Thursday, July 31, 2014
Sometimes I wonder, why am I doing, what I'm doing today. I have an extremely comfortable life before coming to the United States. A lucrative profession, and a secured socio-economic future. A supportive father and mother. I have wonderful parents, though they were tough on me. I loved them dearly. Both passed on recently (2004 and 2009). My only brother died prior to my parents (I have reasons to believe, it contributed to the early death of my mother in 2004.) My only brother was the first born, and was given the birthright to take over our family business. My father was very humble. He never discussed or talk about his "earned" fortune (my relatives squandered it).
My father was very poor when he married my mother. (My affluent maternal grandparents never liked him at the outset of their marriage)
Last Monday, was my late mother's birthday.
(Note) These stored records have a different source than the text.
Lemma D_return_lt i h g f c : 0 < h -> f < g -> c < h + g -> D_return i h g f c < h + g.
Proof.
move=> h_gt0 f_lt_g lt_c; rewrite /D_return; case: ifP => _; last by rewrite ltn_pmod //; lia.
by apply: (@leq_trans (h + g - f)); rewrite ?ltn_pmod //; lia.
Qed.

Lemma D_returnE i h g f c : 0 < h -> f < g -> f <= h -> g - f < i * h -> c < h + g ->
  D_return i h g f c = D'_return i h g f c.
Proof.
move=> h_gt0 f_lt_g f_le_h gf_lt_ih lt_c; rewrite /D_return /D'_return.
have := divn_eq (c + i * h) (h + g).
set x := (c + i * h) %% (h + g); set q := (c + i * h) %/ (h + g) => c_ih.
have lt_x : x < h + g by rewrite ltn_pmod //; lia.
have -> : (c + (i * h - (g - f))) %% (h + g) =
    if g - f <= x then x - (g - f) else x + h + f.
  case: ifP => le_gf_x.
    have -> : c + (i * h - (g - f)) = q * (h + g) + (x - (g - f)) by lia.
    by rewrite modnMDl modn_small; lia.
  case: q c_ih => [|q] c_ih; first by rewrite mul0n in c_ih; lia.
  rewrite mulSn in c_ih.
  have -> : c + (i * h - (g - f)) = q * (h + g) + (x + h + f) by lia.
  by rewrite modnMDl modn_small; lia.
case: leqP => le_gf_x; rewrite !modn_lt_double; try lia.
all: by repeat case: ifP; lia.
Qed.

Unset Implicit Arguments.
My late father adored and loved her. Since I was very closed to my father, he would share his courtship story with my mother, how he would sneaked in the back, (kitchen area) while my maternal grandparents were busy playing mahjong. (Mahjong is an Asian game/gambling originated from China. Some people lost their land titles because of the game Mahjong)
The morals of the story is: The love of my father to my mother. His loyalty and commitment to her. My father was extremely faithful to my mother. Despite of his business success, he never cheated on my mother. He would travel in many places, and I would hear stories after their trips, (from his business associates) how my father avoided "pretty girls" in the night clubs they visited after business meetings. He drinks but never "womanized". Interestingly, my father was an extremely "no nonsense person", always serious about things, but when drunk, my father was extremely happy and share his stories of love and courtship with my mother. How he loved her. I heard this from him a thousand times. My father's devotion to my mother was worthy of emulation. My late brother and I were the opposite. We "played" too much while young. I think our parents spoiled us. (though they were tougher on me compared to my late brother; I have reasons to believe, that the toughness and discipline of my father saved my life.)
My awakening from sins, was my saving grace. Not only with my relationship with others, but specially my relationship with God.
If we acknowledged our sinfulness and unworthiness to God, He will be merciful to us.
It is not too late to do the right things for God and others. Many people are suffering from poverty and deprivation. We have a moral responsibility to help them. If we helped them, they will know through our examples the GOODNESS of the LORD, when we help others we GLORIFY GOD.